Provided data

Definition dense_in (n : nat) (Y : X -> Prop) (U : ('I_n -> X) -> Prop) : Prop :=
  forall z, in_pow Y z -> forall e, (0 < e)%R ->
    exists w, U w /\ forall j, (d (z j) (w j) < e)%R.

Definition residual (n : nat) (Y : X -> Prop) (P : ('I_n -> X) -> Prop) : Prop :=
  exists V : nat -> ('I_n -> X) -> Prop,
    (forall k, rel_open Y (V k) /\ dense_in Y (V k)) /\
    forall z, (forall k, V k z) -> P z.

Definition generic_chaotic (F G : (nat -> Prop) -> Prop) (n : nat) (r : R)
    (Y : X -> Prop) : Prop :=
  (exists y, Y y) /\
  residual Y (fun z : 'I_n -> X => in_pow Y z /\ scrambled F G r z).

End Dyn.

(* The s-limit shadowing property makes the points asymptotic to a prescribed [b] in [E]
   dense in [V^s(E)].  From [z] in [V^s(E)], a pseudo-orbit follows [z] until it is close to
   the orbit of a point of [E_del], moves by [del]-chains inside [C] to the orbit of [b], and
   inserts cycles of [C] (there are cycles of every large multiple of the period [m(C,del)])
   so that its length is exactly the time at which it lands on that orbit; a point
   s-limit shadowing it is asymptotic to [b].  By compactness, suitable forward iterates of
   the [delta]-distal tuple in [D] converge to a tuple [b] in [E] with the same distality
   constant.  Tuples asymptotic to [b] have [S_f] eventually full, hence in the full family
   [F], and tuples asymptotic to [(b_1, ..., b_1)] have every [T_f] in [G]; both kinds are
   dense in [V^s(E)^n], and by compatibility both conditions are G_delta, so together they
   give a residual set of scrambled tuples. *)

From Stdlib Require Import Reals Lra Wf_nat ClassicalEpsilon.
From mathcomp Require Import all_boot zify.

Set Implicit Arguments.
Unset Strict Implicit.
Unset Printing Implicit Defensive.

Local Open Scope R_scope.

Lemma inv_succ_gt0 k : 0 < / INR k.+1.
Proof. by apply/Rinv_0_lt_compat/lt_0_INR/ltP. Qed.

Lemma inv_succ_small e : 0 < e -> exists N, forall k, (N <= k)%N -> / INR k.+1 < e.
Proof.
move=> e_gt0; have [N [N_small N_gt0]] := archimed_cor1 _ e_gt0.
exists N => k le_Nk; apply: Rle_lt_trans N_small.
by apply/Rinv_le_contravar/le_INR/leP; [apply: lt_0_INR | lia].
Qed.

Lemma exists_pos_below a b : 0 < a -> 0 < b -> exists c, 0 < c /\ c <= a /\ c <= b.
Proof.
move=> a_gt0 b_gt0; exists (Rmin a b).
by split; [apply: Rmin_pos | split; [apply: Rmin_l | apply: Rmin_r]].
Qed.

Lemma finite_lower_bound_gt0 (T : finType) (g : T -> R) :
  (forall t, 0 < g t) -> exists e, 0 < e /\ forall t, e <= g t.
Proof.
move=> g_gt0.
suff [e [e_gt0 e_le]] : exists e, 0 < e /\ forall t, t \in enum T -> e <= g t.
  by exists e; split=> // t; apply: e_le; rewrite mem_enum.
elim: (enum T) => [|t s [e [e_gt0 e_le]]]; first by exists 1; split=> [|t]; [lra | rewrite in_nil].
exists (Rmin (g t) e); split; first exact: Rmin_pos.
move=> t'; rewrite in_cons => /orP [/eqP -> | t's]; first exact: Rmin_l.
exact: Rle_trans (Rmin_r _ _) (e_le _ t's).
Qed.

Lemma additive_submonoid_gcd (L : nat -> Prop) :
  L 0%N -> (forall a b, L a -> L b -> L (a + b)%N) -> (exists k, (0 < k)%N /\ L k) ->
  exists g, (0 < g)%N /\ is_gcd_set L g /\ exists t0, forall t, (t0 <= t)%N -> L (t * g)%N.
Proof.
move=> L0 LD [k0 [k0_gt0 Lk0]].
have LM s a : L a -> L (s * a)%N.
  by move=> La; elim: s => [|s IH]; rewrite ?mul0n // mulSn; apply: LD.
pose gap g := (0 < g)%N /\ exists Q, L Q /\ L (Q + g)%N.
have [g [[g_gt0 [Q [LQ LQg]]] g_min]] : exists g, gap g /\ forall g', gap g' -> (g <= g')%N.
  have [g [[gap_g g_least] _]] := dec_inh_nat_subset_has_unique_least_element gap
    (fun n => classic (gap n)) (ex_intro _ k0 (conj k0_gt0 (ex_intro _ 0%N (conj L0 Lk0)))).
  by exists g; split=> // g' /g_least /leP.
(* A nonzero remainder [l %% g] would be a smaller gap. *)
have g_dvd l : L l -> (g %| l)%N.
  move=> Ll; case: (posnP (l %% g)) => [r0 | r_gt0]; first by rewrite /dvdn r0.
  suff /g_min : gap (l %% g) by have := ltn_pmod l g_gt0; lia.
  split=> //; exists (l %/ g * (Q + g))%N; split; first exact: LM.
  have -> : (l %/ g * (Q + g) + l %% g = l + l %/ g * Q)%N by have := divn_eq l g; lia.
  by apply: LD => //; apply: LM.
exists g; split=> //; split.
  split=> // g' g'_dvd.
  by rewrite -(dvdn_addr g (g'_dvd _ LQ)); apply: g'_dvd.
have /dvdnP [q Qq] := g_dvd _ LQ; rewrite Qq in LQg.
(* Both [Q = q * g] and [Q + g] lie in [L], and for [t >= q * q] the coefficients below
   are nonnegative. *)
exists (q * q)%N => t le_t.
case: (posnP q) => [q0 | q_gt0]; first by move: LQg; rewrite q0 mul0n add0n; apply: LM.
have t_q : (q <= t %/ q)%N by rewrite leq_divRL.
have -> : (t * g = (t %/ q - t %% q) * (q * g) + t %% q * (q * g + g))%N.
  by have := divn_eq t q; have := ltn_pmod t q_gt0; nia.
by apply: LD; apply: LM => //; rewrite -Qq.
Qed.

Lemma full_family_tail (F : (nat -> Prop) -> Prop) (A : nat -> Prop) N :
  furstenberg F -> full_family F -> (forall i, (N <= i)%N -> A i) -> F A.
Proof.
move=> [[A0 FA0] [_ F_up]] F_full A_tail.
apply: (F_up _ _ (F_full (fun _ => True) N (F_up _ _ FA0 (fun _ _ => I)))).
by move=> i [_ /A_tail].
Qed.

Lemma homo_ltn_geq_id (phi : nat -> nat) : {homo phi : m n / (m < n)%N} -> forall k, (k <= phi k)%N.
Proof. by move=> phi_incr; elim=> // k IH; apply: leq_ltn_trans IH (phi_incr _ _ (ltnSn k)). Qed.

Section Dynamics.
Variables (X : Type) (d : X -> X -> R) (f : X -> X).
Hypothesis d_metric : is_metric d.

Lemma dist_ge0 x y : 0 <= d x y.
Proof. by case: d_metric. Qed.

Lemma dist_xx x : d x x = 0.
Proof. by case: d_metric => _ [/(_ x x) [_ ->]]. Qed.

Directions for this task
Give the exact lines, and only those, from the line containing "Unset Printing Implicit Defensive." through the line containing "move=> L0 LD [k0 [k0_gt0 Lk0]]." in the entries above.

Exercise solution
Unset Printing Implicit Defensive.

Local Open Scope R_scope.

Lemma inv_succ_gt0 k : 0 < / INR k.+1.
Proof. by apply/Rinv_0_lt_compat/lt_0_INR/ltP. Qed.

Lemma inv_succ_small e : 0 < e -> exists N, forall k, (N <= k)%N -> / INR k.+1 < e.
Proof.
move=> e_gt0; have [N [N_small N_gt0]] := archimed_cor1 _ e_gt0.
exists N => k le_Nk; apply: Rle_lt_trans N_small.
by apply/Rinv_le_contravar/le_INR/leP; [apply: lt_0_INR | lia].
Qed.

Lemma exists_pos_below a b : 0 < a -> 0 < b -> exists c, 0 < c /\ c <= a /\ c <= b.
Proof.
move=> a_gt0 b_gt0; exists (Rmin a b).
by split; [apply: Rmin_pos | split; [apply: Rmin_l | apply: Rmin_r]].
Qed.

Lemma finite_lower_bound_gt0 (T : finType) (g : T -> R) :
  (forall t, 0 < g t) -> exists e, 0 < e /\ forall t, e <= g t.
Proof.
move=> g_gt0.
suff [e [e_gt0 e_le]] : exists e, 0 < e /\ forall t, t \in enum T -> e <= g t.
  by exists e; split=> // t; apply: e_le; rewrite mem_enum.
elim: (enum T) => [|t s [e [e_gt0 e_le]]]; first by exists 1; split=> [|t]; [lra | rewrite in_nil].
exists (Rmin (g t) e); split; first exact: Rmin_pos.
move=> t'; rewrite in_cons => /orP [/eqP -> | t's]; first exact: Rmin_l.
exact: Rle_trans (Rmin_r _ _) (e_le _ t's).
Qed.

Lemma additive_submonoid_gcd (L : nat -> Prop) :
  L 0%N -> (forall a b, L a -> L b -> L (a + b)%N) -> (exists k, (0 < k)%N /\ L k) ->
  exists g, (0 < g)%N /\ is_gcd_set L g /\ exists t0, forall t, (t0 <= t)%N -> L (t * g)%N.
Proof.
move=> L0 LD [k0 [k0_gt0 Lk0]].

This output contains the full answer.